SHA256 Recovery from Username Hashes

TL;DR

No, a secret S cannot be efficiently recovered if you only have a list of usernames and the SHA256 hashes of S + username. This is because SHA256 is a one-way function – it’s easy to calculate the hash from the input, but extremely difficult (practically impossible) to reverse engineer the input from the hash alone.

Why It Doesn’t Work

SHA256 creates a fixed-size ‘fingerprint’ of data. Different inputs will produce different hashes, and even a tiny change in the input drastically alters the hash. This makes it very hard to guess the original secret.

The Problem Explained

You have:

  • A secret S (what you’re trying to find).
  • A list of usernames: username1, username2, username3...
  • For each username, the hash: SHA256(S + username1), SHA256(S + username2), SHA256(S + username3)...
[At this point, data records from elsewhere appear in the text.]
Lemma Qpoly_0 : Qpoly 0 = 0.
Proof.
  unfold Qpoly; rewrite (sumR_ext _ (fun _ => 0)), sum_n_const; [ring|].
  intros j _; unfold qcoef; destruct (Nat.leb 2 j) eqn:E; [|ring].
  apply Nat.leb_le in E; rewrite pow_i by lia; ring.
Qed.

Lemma Qpoly_not_additive : exists n0 : nat, Qpoly (INR n0 + 2) - Qpoly (INR n0) - Qpoly 2 <> 0.
Proof.
  apply NNPP; intros Hn.
  assert (Hadd : forall n : nat, Qpoly (INR n + 2) = Qpoly (INR n) + Qpoly 2).
  { intros n; apply NNPP; intros E; apply Hn; exists n; intros E2; apply E; lra. }
  assert (Hlin : forall m : nat, Qpoly (2 * INR m) = 0 + Qpoly 2 * INR m).
  { induction m as [|m IH]; [simpl; rewrite Rmult_0_r, Qpoly_0; ring|].
    replace (2 * INR (S m)) with (INR (2 * m) + 2) by (rewrite S_INR, mult_INR; simpl; ring).
    rewrite Hadd, mult_INR; change (INR 2) with (1 + 1).
    replace ((1 + 1) * INR m) with (2 * INR m) by ring.
    rewrite IH, S_INR; ring. }
  set (c := fun j => qcoef j * 2 ^ j).
  assert (Hc : forall y, Qpoly (2 * y) = sumR (fun j => c j * y ^ j) K).
  { intros y; apply sumR_ext; intros j _; unfold c; rewrite Rpow_mult_distr; ring. }
  assert (HcK : c K <> 0).
  { unfold c, qcoef; replace (Nat.leb 2 K) with true by (symmetry; apply Nat.leb_le; lia).
    destruct (Hq K ltac:(lia)) as [q Eq]; intros E; apply HaK; rewrite Eq in *; simpl in E.
    apply Rmult_integral in E as [E|E]; [rewrite E; reflexivity|].
    pose proof (pow_lt 2 K ltac:(lra)); lra. }
  destruct K as [|m]; [lia|].
  destruct (Rlt_or_le 0 (c (S m))) as [Hpos|Hneg].
  - destruct (poly_exceeds_linear c m 0 (Qpoly 2) ltac:(lia) Hpos) as [n Hlt].
    rewrite <- Hc, Hlin in Hlt; lra.
  - destruct (poly_exceeds_linear (fun j => - c j) m 0 (- Qpoly 2) ltac:(lia) ltac:(lra)) as [n Hlt].
    rewrite (sumR_ext _ (fun j => -1 * (c j * INR n ^ j))) in Hlt by (intros; ring).
    rewrite sumR_mult_l, <- Hc, Hlin in Hlt; lra.
Qed.

End ImaginaryRational.

Lemma geom_sum_mult (w : CC) (n : nat) : ((w - 1) * sumC (fun j => w ^ j)%C n = w ^ S n - 1)%C.
Proof.
  induction n as [|n IH]; [rewrite sum_O; simpl; ring|].
  rewrite sumC_Sn; transitivity ((w - 1) * sumC (fun j => w ^ j)%C n + (w - 1) * w ^ S n)%C; [ring|].
  rewrite IH; simpl; ring.
Qed.

Lemma geom_sum_root (w : CC) (n : nat) :
  w <> 1 -> (w ^ S n = 1)%C -> sumC (fun j => w ^ j)%C n = RtoC 0.
Proof.
  intros Hw Hn; pose proof (geom_sum_mult w n) as H; rewrite Hn in H.
  assert (Hw1 : (w - 1)%C <> 0) by (apply Cminus_eq_contra; exact Hw).
  assert (Hcancel : forall S0 : CC, ((w - 1) * S0 = 1 - 1)%C -> S0 = 0).
  { intros S0 HS; transitivity (/ (w - 1) * ((w - 1) * S0))%C; [field; exact Hw1|].
    rewrite HS; ring. }
  exact (Hcancel _ H).
Qed.

Lemma geom_sum_1 (n : nat) : sumC (fun j => 1 ^ j)%C n = RtoC (INR (S n)).
Proof.
  induction n as [|n IH]; [rewrite sum_O; simpl; ring|].
  rewrite sumC_Sn, IH, Cpow_1_l, (S_INR (S n)), RtoC_plus; reflexivity.
Qed.

Lemma sumC_single (f : nat -> CC) (p n : nat) : (p <= n)%nat ->
  (forall j, (j <= n)%nat -> j <> p -> f j = 0) -> sumC f n = f p.
Proof.
  induction n as [|n IH]; intros Hp Hz; [rewrite sum_O; f_equal; lia|].
  rewrite sumC_Sn; destruct (Nat.eq_dec p (S n)) as [->|Hne].
  - rewrite (sumC_ext _ (fun _ => 0 * 0)%C) by (intros; rewrite Hz by lia; ring).
    rewrite sumC_mult_l; eq_CC; ring.
  - rewrite IH, (Hz (S n)) by (try intros; try apply Hz; lia); eq_CC; ring.
Qed.

Section RootOfUnity.
Variable N : nat.
Hypothesis HN : (0 < N)%nat.

Definition root_unity : CC := cexp (0, 2 * PI / INR N).

Lemma root_unity_pow (m : nat) : (root_unity ^ m)%C = cexp (0, 2 * PI * INR m / INR N).
Proof.
  unfold root_unity; rewrite <- cexp_natmul; f_equal.
  apply C_ext; simpl; field; apply not_0_INR; lia.
Qed.

Lemma root_unity_pow_eq1 (m : nat) : (root_unity ^ m)%C = 1 <-> exists w, m = (N * w)%nat.
Proof.
  pose proof (lt_0_INR N HN); pose proof PI_RGT_0.
  split.
  - rewrite root_unity_pow; intros H1; apply cexp_i_eq1 in H1 as [w Hw].
    assert (E : INR m = INR N * IZR w).
    { apply (Rmult_eq_reg_l (2 * PI / INR N)); [|apply Rgt_not_eq, Rdiv_lt_0_compat; lra].
      replace (2 * PI / INR N * INR m) with (2 * PI * INR m / INR N) by (field; lra).
      rewrite Hw; field; lra. }
    rewrite !INR_IZR_INZ, <- mult_IZR in E; apply eq_IZR in E.
    exists (Z.to_nat w); nia.
  - intros [w ->]; rewrite root_unity_pow.
    replace (2 * PI * INR (N * w) / INR N) with (2 * PI * IZR (Z.of_nat w))
      by (rewrite mult_INR, <- INR_IZR_INZ; field; lra).
    apply cexp_2PI_int.
Qed.

Lemma root_unity_pow_inj (j j' : nat) : (j < N)%nat -> (j' < N)%nat ->
  (root_unity ^ j)%C = (root_unity ^ j')%C -> j = j'.
Proof.
  assert (Hlt : forall i i', (i < i' < N)%nat -> (root_unity ^ i)%C <> (root_unity ^ i')%C).
  { intros i i' Hii E; replace i' with (i + (i' - i))%nat in E by lia.
    rewrite Cpow_add_r in E.
    assert (Hz : (root_unity ^ i)%C <> 0) by apply Cpow_nz, cexp_neq0.
    assert (E2 : (root_unity ^ (i' - i))%C = 1).
    { transitivity (/ root_unity ^ i * (root_unity ^ i * root_unity ^ (i' - i)))%C; [field; exact Hz|].
      rewrite <- E; field; exact Hz. }
    apply root_unity_pow_eq1 in E2 as [[|w] Hw]; nia. }
  intros Hj Hj' E; destruct (lt_eq_lt_dec j j') as [[H|H]|H]; auto;
    exfalso; [apply (Hlt j j')|apply (Hlt j' j)]; auto.
Qed.

Lemma Cconj_root_unity : (Cconj root_unity * root_unity)%C = 1.
Proof.
  unfold root_unity, cexp; simpl; rewrite exp_0.
  pose proof (sin2_cos2 (2 * PI / INR N)) as H; unfold Rsqr in H; apply C_ext; simpl; nra.
Qed.

End RootOfUnity.

Section DFT.
Variables (Nm : nat) (chi : nat -> CC).
Let N := S Nm.
Let zeta := root_unity N.
Hypothesis Hper : forall k, chi (k + N)%nat = chi k.

Definition dft_coef (j : nat) : CC :=
  (/ INR N * sumC (fun r => chi r * zeta ^ (j * (N - r)))%C Nm)%C.

Lemma chi_mod (k : nat) : chi k = chi (k mod N).
Proof.
  rewrite (Nat.div_mod_eq k N) at 1; generalize (k / N)%nat; intros q.
  induction q as [|q IH]; [f_equal; lia|].
  replace (N * S q + k mod N)%nat with ((N * q + k mod N) + N)%nat by lia; rewrite Hper; exact IH.
Qed.

Lemma dft_inversion (k : nat) : sumC (fun j => dft_coef j * zeta ^ (j * k))%C Nm = chi k.
Proof.
  assert (HN : (0 < N)%nat) by (unfold N; lia).
  assert (HNR : INR N <> 0) by (apply not_0_INR; lia).
  pose proof (Nat.div_mod_eq k N) as Hdiv; pose proof (Nat.mod_upper_bound k N ltac:(lia)) as Hmod.
  assert (Hswap : sumC (fun j => dft_coef j * zeta ^ (j * k))%C Nm =
    sumC (fun r => / INR N * chi r * sumC (fun j => (zeta ^ (k + (N - r))) ^ j)%C Nm)%C Nm).
  { unfold dft_coef.
    rewrite (sumC_ext _ (fun j => sumC (fun r => / INR N * chi r * (zeta ^ (k + (N - r))) ^ j) Nm)%C).
    - rewrite sum_n_switch; apply sumC_ext; intros r _; rewrite <- sumC_mult_l; reflexivity.
    - intros j _; rewrite <- Cmult_assoc, <- sumC_mult_r, <- sumC_mult_l; apply sumC_ext; intros r _.
      rewrite <- Cpow_mult_r, (Nat.mul_comm _ j), Nat.mul_add_distr_l, Cpow_add_r; ring. }
  rewrite Hswap, (sumC_single _ (k mod N) Nm ltac:(unfold N in *; lia)).
  - replace (zeta ^ (k + (N - k mod N)))%C with (RtoC 1)
      by (symmetry; apply root_unity_pow_eq1; auto; exists (k / N + 1)%nat; lia).
    rewrite geom_sum_1, <- chi_mod; fold N; eq_CC; field; exact (fun E => HNR (RtoC_inj _ _ E)).
  - intros r Hr Hne; rewrite geom_sum_root; [eq_CC; ring| |].
    + intros E; apply root_unity_pow_eq1 in E as [w Hw]; auto; apply Hne.
      assert (r < N)%nat by (unfold N; lia).
      set (q := (k / N)%nat) in *; set (rho := (k mod N)%nat) in *.
      destruct (lt_eq_lt_dec w (q + 1)) as [[Hlt|Heq]|Hgt]; nia.
    + rewrite <- Cpow_mult_r; apply root_unity_pow_eq1; auto; exists (k + (N - r))%nat; unfold N; lia.
Qed.

End DFT.

Lemma shift2_of_real_nodes (n : nat) (alpha chi : nat -> CC) (z lam : CC) :
  (Cconj z * z)%C = 1 -> lam <> 0 ->
  (forall k, sumC (fun j => alpha j * z ^ (j * k))%C n = chi k) ->
  (forall j, (j <= n)%nat -> alpha j <> 0 -> Im (lam * z ^ j) = 0) ->
  forall k, (chi (k + 2)%nat * chi O = chi 2%nat * chi k)%C.
Proof.
  intros Hz Hlam Hchi Hreal.
  set (c := (Cconj lam / lam)%C).
  assert (Hsq : forall j, (j <= n)%nat -> alpha j <> 0 -> (z ^ j * z ^ j)%C = c).
  { intros j Hj Ha; specialize (Hreal j Hj Ha).
    assert (Hconj : (lam * z ^ j)%C = Cconj (lam * z ^ j)%C)
      by (apply C_ext; [rewrite re_conj|rewrite im_conj, Hreal]; reflexivity || ring).
    rewrite Cmult_conj, Cpow_conj in Hconj.
    unfold c; transitivity ((lam * z ^ j) * z ^ j / lam)%C; [field; exact Hlam|].
    rewrite Hconj; transitivity (Cconj lam * (Cconj z * z) ^ j / lam)%C;
      [rewrite Cpow_mult_l; field; exact Hlam|rewrite Hz, Cpow_1_l; field; exact Hlam]. }
  assert (Hshift : forall k, chi (k + 2)%nat = (c * chi k)%C).
  { intros k; rewrite <- !Hchi, <- sumC_mult_l; apply sumC_ext; intros j Hj.
    destruct (classic (alpha j = 0)) as [->|Ha]; [ring|].
    replace (j * (k + 2))%nat with (j * k + j + j)%nat by lia.
    rewrite !Cpow_add_r, <- (Hsq j Hj Ha); ring. }
  intros k; rewrite Hshift, (Hshift O : chi 2%nat = _); ring.
Qed.

(** * Case (2): point functionals with a non-real node are not continuous *)

Lemma geometric_no_domination (A B rho rho' : R) :
  0 < A -> 0 <= B -> 0 <= rho < rho' -> ~ (forall n, A * rho' ^ n <= B * rho ^ n).
Proof.
  intros HA HB Hrho Hdom.
  set (th := rho / rho').
  assert (Hth : 0 <= th < 1).
  { unfold th; split; [apply Rdiv_le_0_compat; lra|].
    apply (Rmult_lt_reg_r rho'); [lra|]; unfold Rdiv; rewrite Rmult_assoc, Rinv_l by lra; lra. }
  destruct (pow_lt_1_zero th ltac:(rewrite Rabs_right; lra) (A / (B + 1))) as [n Hn];
    [apply Rdiv_lt_0_compat; lra|].
  specialize (Hn n (le_n n)); rewrite Rabs_right in Hn by (apply Rle_ge, pow_le; lra).
  specialize (Hdom n).
  assert (Hpow : rho ^ n = th ^ n * rho' ^ n)
    by (unfold th; rewrite <- Rpow_mult_distr; f_equal; field; lra).
  assert (Hr'n : 0 < rho' ^ n) by (apply pow_lt; lra).
  assert (A <= B * th ^ n)
    by (apply (Rmult_le_reg_r (rho' ^ n)); [exact Hr'n|rewrite Hpow in Hdom; lra]).
  apply (Rmult_lt_compat_r (B + 1)) in Hn; [|lra].
  replace (A / (B + 1) * (B + 1)) with A in Hn by (field; lra).
  pose proof (pow_le th n (proj1 Hth)); nra.
Qed.

Lemma strip_separated_from_node (r m : R) : 0 < m ->
  exists (c : CC) (rho : R), 0 <= rho /\
    (forall w, Im w = m -> rho < Cmod (w - c)) /\
    (forall z, Cmod z <= r -> Rabs (Im z) < m / 2 -> Cmod (z - c) <= rho).
Proof.
  intros Hm.
  set (L := r ^ 2 / m + 1).
  assert (HL : m * L = r ^ 2 + m) by (unfold L; field; lra).
  assert (HL0 : 0 < L)
    by (unfold L; assert (0 <= r ^ 2 / m) by (apply Rdiv_le_0_compat; [apply pow2_ge_0|lra]); lra).
  (* The centre is [-iL]; [m * L = r ^ 2 + m] gives [r ^ 2 + (m / 2 + L) ^ 2 < (m + L) ^ 2]. *)
  set (rho := sqrt (r ^ 2 + (m / 2 + L) ^ 2)).
  exists (0, - L)%R, rho; split; [apply sqrt_pos|split].
  - intros w Hw; apply Rlt_le_trans with (m + L).
    + unfold rho; rewrite <- (sqrt_pow2 (m + L)) by lra; apply sqrt_lt_1_alt.
      split; [pose proof (pow2_ge_0 r); pose proof (pow2_ge_0 (m / 2 + L)); lra|nra].
    + pose proof (abs_Im_le_Cmod (w - (0, - L)%R)%C) as H.
      replace (Im (w - (0, - L)%R)%C) with (m + L) in H by (simpl; unfold Im in Hw; rewrite Hw; ring).
      pose proof (Rle_abs (m + L)); lra.
  - intros z Hz Him; unfold rho, Cmod; apply sqrt_le_1_alt; simpl.
    pose proof (re_le_Cmod z) as Hre; apply Rabs_def2 in Him; unfold Re, Im in *.
    assert (fst z * fst z <= r * r).
    { rewrite <- (Rabs_right (fst z * fst z)) by (apply Rle_ge, Rle_0_sqr).
      rewrite Rabs_mult; pose proof (Cmod_ge_0 z); apply Rmult_le_compat; try apply Rabs_pos; lra. }
    nra.
Qed.

Lemma ex_derive_C_poly (p : CC -> CC) (z : CC) : is_poly p -> @ex_derive C_AbsRing C_NormedModule p z.
Proof.
  intros [l Hl]; apply (ex_derive_ext (peval 0 l)); [intros; symmetry; apply Hl|].
  apply ex_derive_C_peval.
Qed.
The goal is to find S. Because you don’t know S, you can’t verify if a guessed value of S is correct without knowing the original hashes.

What You *Can’t* Do

  1. Brute-Force: Trying every possible secret S. This becomes impossible very quickly as the length of S increases. Even with a fast computer, it would take an unfeasibly long time to test all combinations.
  2. Reverse SHA256: There is no known efficient algorithm to reverse SHA256. Tools claiming to do this are usually using pre-computed tables (rainbow tables) or trying common passwords/phrases – they won’t work for arbitrary secrets.

What You *Could* Do (If Possible, but unlikely)

These scenarios require additional information beyond what you’ve described.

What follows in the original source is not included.